WORK INSTRUCTION: Filter these records by the string "Require", copying each line that holds it.

RECORDS SUPPLIED:
(* For every $n\in\mathbb N$, Thompson's group $T$ acts transitively, via $t\cdot x=\iota(t)(x)$, on the set $\Lambda_n$ of $n$-tuples $(x_1,\ldots,x_n)$ of pairwise distinct elements of $Z$ which are cyclically ordered with respect to $\le_{\rm lex}$ (i.e. some cyclic rotation $(x_k,\ldots,x_n,x_1,\ldots,x_{k-1})$ is strictly $\le_{\rm lex}$-increasing).
   Context: Let $\{0,1\}^*$ be the finite words over $\{0,1\}$ (empty word $\varepsilon$) and $Z=\{0,1\}^*\cup\{\zeta\}$ for an extra symbol $\zeta$. Order $Z$ by $\le_{\rm lex}$: for words $x,y$ append the infinite string $\tfrac12\tfrac12\cdots$ and compare lexicographically with $0<\tfrac12<1$; $\zeta$ is larger than all words. A finite rooted binary subtree is a finite prefix-closed set of words containing $\varepsilon$ in which each element has both or neither of its children $x0,x1$; leaves are elements with no children, nodes the others; for such $R$ let $b_R:\mathrm{nodes}(R)\cup\{\zeta\}\to\mathrm{leaves}(R)$ be the unique $\le_{\rm lex}$-preserving bijection. Thompson's group $T$ is the group of homeomorphisms $v$ of $\{0,1\}^{\mathbb N}$ for which there are finite rooted binary subtrees $L,R$ with leaves $\ell_1<_{\rm lex}\cdots<_{\rm lex}\ell_k$, $r_1<_{\rm lex}\cdots<_{\rm lex}r_k$, and a cyclic shift $f(\ell_i)=r_{i+c \bmod k}$, such that $v(\ell\omega)=f(\ell)\omega$. Define the bijection $\iota(v)$ of $Z$ by $\iota(v)(x)=b_R^{-1}(f(b_L(x)))$ for $x\in\mathrm{nodes}(L)\cup\{\zeta\}$ and $\iota(v)(\ell s)=f(\ell)s$ for $\ell\in\mathrm{leaves}(L)$, $s\in\{0,1\}^*$; this is independent of the choice of $(L,R,f)$ and defines an action of $T$ on $Z$. *)

From mathcomp Require Import all_boot.
Set Implicit Arguments. Unset Strict Implicit. Unset Printing Implicit Defensive.
(* Let $X,Y$ be $T_0$ spaces and $f:X\to Y$ a continuous map. The following are equivalent: (1) $f$ is continuous as a map from $(X,\mathcal{O}_{SI_2}(X))$ to $(Y,\mathcal{O}_{SI_2}(Y))$. (2) For every net $(x_i)_{i\in I}$ in $X$ and $x\in X$, if $(x_i)_{i\in I}$ $GSI_2$-converges to $x$ in $X$, then $(f(x_i))_{i\in I}$ $GSI_2$-converges to $f(x)$ in $Y$.
   Context: For a $T_0$ space $X$, the specialization order is $x\le y$ iff $x\in \mathrm{cl}\{y\}$; $\uparrow A=\{x: a\le x\text{ for some } a\in A\}$, $\uparrow x=\uparrow\{x\}$; $A^\uparrow$, $A^\downarrow$ are the sets of upper and lower bounds of $A$, and $A^\delta=(A^\uparrow)^\downarrow$. A nonempty $A\subseteq X$ is irreducible if whenever $A\subseteq F_1\cup F_2$ with $F_1,F_2$ closed, $A\subseteq F_1$ or $A\subseteq F_2$. $X^{(<\omega)}$ is the set of nonempty finite subsets of $X$. $P_S(X)$ is the set of nonempty compact saturated (upper) subsets of $X$ with the upper Vietoris topology, basis $\{\square U: U\text{ open}\}$, $\square U=\{Q: Q\subseteq U\}$. A net is eventually in $U$ if from some index on all its terms lie in $U$. $U\subseteq X$ is $SI_2$-open if $U$ is open and for every irreducible $F$, $F^\delta\cap U\ne\emptyset$ implies $F\cap U\neq\emptyset$; these form the topology $\mathcal{O}_{SI_2}(X)$. A net $(x_i)_{i\in I}$ $GSI_2$-converges to $x$ in $X$ if there exists $\mathcal F\subseteq X^{(<\omega)}$ with $\{\uparrow F: F\in\mathcal F\}$ irreducible in $P_S(X)$ such that (i) for every open $U$ of $X$, if $\uparrow F\subseteq U$ for some $F\in\mathcal F$ then $x_i\in U$ eventually, and (ii) $\bigcap_{F\in\mathcal F}\uparrow F\subseteq\uparrow x$. *)

From HB Require Import structures.
From mathcomp Require Import all_boot all_order.
From mathcomp Require Import all_classical all_reals all_analysis.
Set Implicit Arguments. Unset Strict Implicit. Unset Printing Implicit Defensive.
Local Open Scope classical_set_scope.

Section Defs.
Context {X : topologicalType}.

Definition spec_le (x y : X) : Prop := closure [set y] x.

Definition upset (A : set X) : set X := [set x | exists2 a, A a & spec_le a x].
Definition upper_bounds (A : set X) : set X := [set y | forall a, A a -> spec_le a y].
Definition lower_bounds (A : set X) : set X := [set y | forall a, A a -> spec_le y a].
Definition delta (A : set X) : set X := lower_bounds (upper_bounds A).

Definition irreducible (A : set X) : Prop :=
  A !=set0 /\ forall F1 F2 : set X, closed F1 -> closed F2 ->
    A `<=` F1 `|` F2 -> A `<=` F1 \/ A `<=` F2.

Definition saturated (A : set X) : Prop := forall x y, A x -> spec_le x y -> A y.

Definition PS (Q : set X) : Prop := Q !=set0 /\ compact Q /\ saturated Q.

Definition box (U : set X) : set (set X) := [set Q | PS Q /\ Q `<=` U].

(* open sets of the upper Vietoris topology on P_S(X) (subsets of P_S(X)):
   unions of basic opens box U, U open *)
Definition UV_open (W : set (set X)) : Prop :=
  W `<=` PS /\ forall Q, W Q -> exists2 U, open U & box U Q /\ box U `<=` W.

Definition UV_closed (C : set (set X)) : Prop :=
  C `<=` PS /\ UV_open (PS `\` C).

Definition UV_irreducible (A : set (set X)) : Prop :=
  A `<=` PS /\ A !=set0 /\ forall C1 C2, UV_closed C1 -> UV_closed C2 ->
    A `<=` C1 `|` C2 -> A `<=` C1 \/ A `<=` C2.

Definition SI2_open (U : set X) : Prop :=
  open U /\ forall F, irreducible F -> delta F `&` U !=set0 -> F `&` U !=set0.

Definition directed {I : Type} (le : I -> I -> Prop) : Prop :=
  (forall i, le i i) /\ (forall i j k, le i j -> le j k -> le i k) /\
  inhabited I /\ (forall i j, exists k, le i k /\ le j k).

Definition eventually_in {I : Type} (le : I -> I -> Prop) (s : I -> X) (U : set X) :=
  exists i0, forall i, le i0 i -> U (s i).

TASK RESPONSE:
From mathcomp Require Import all_boot.
From HB Require Import structures.
From mathcomp Require Import all_boot all_order.
From mathcomp Require Import all_classical all_reals all_analysis.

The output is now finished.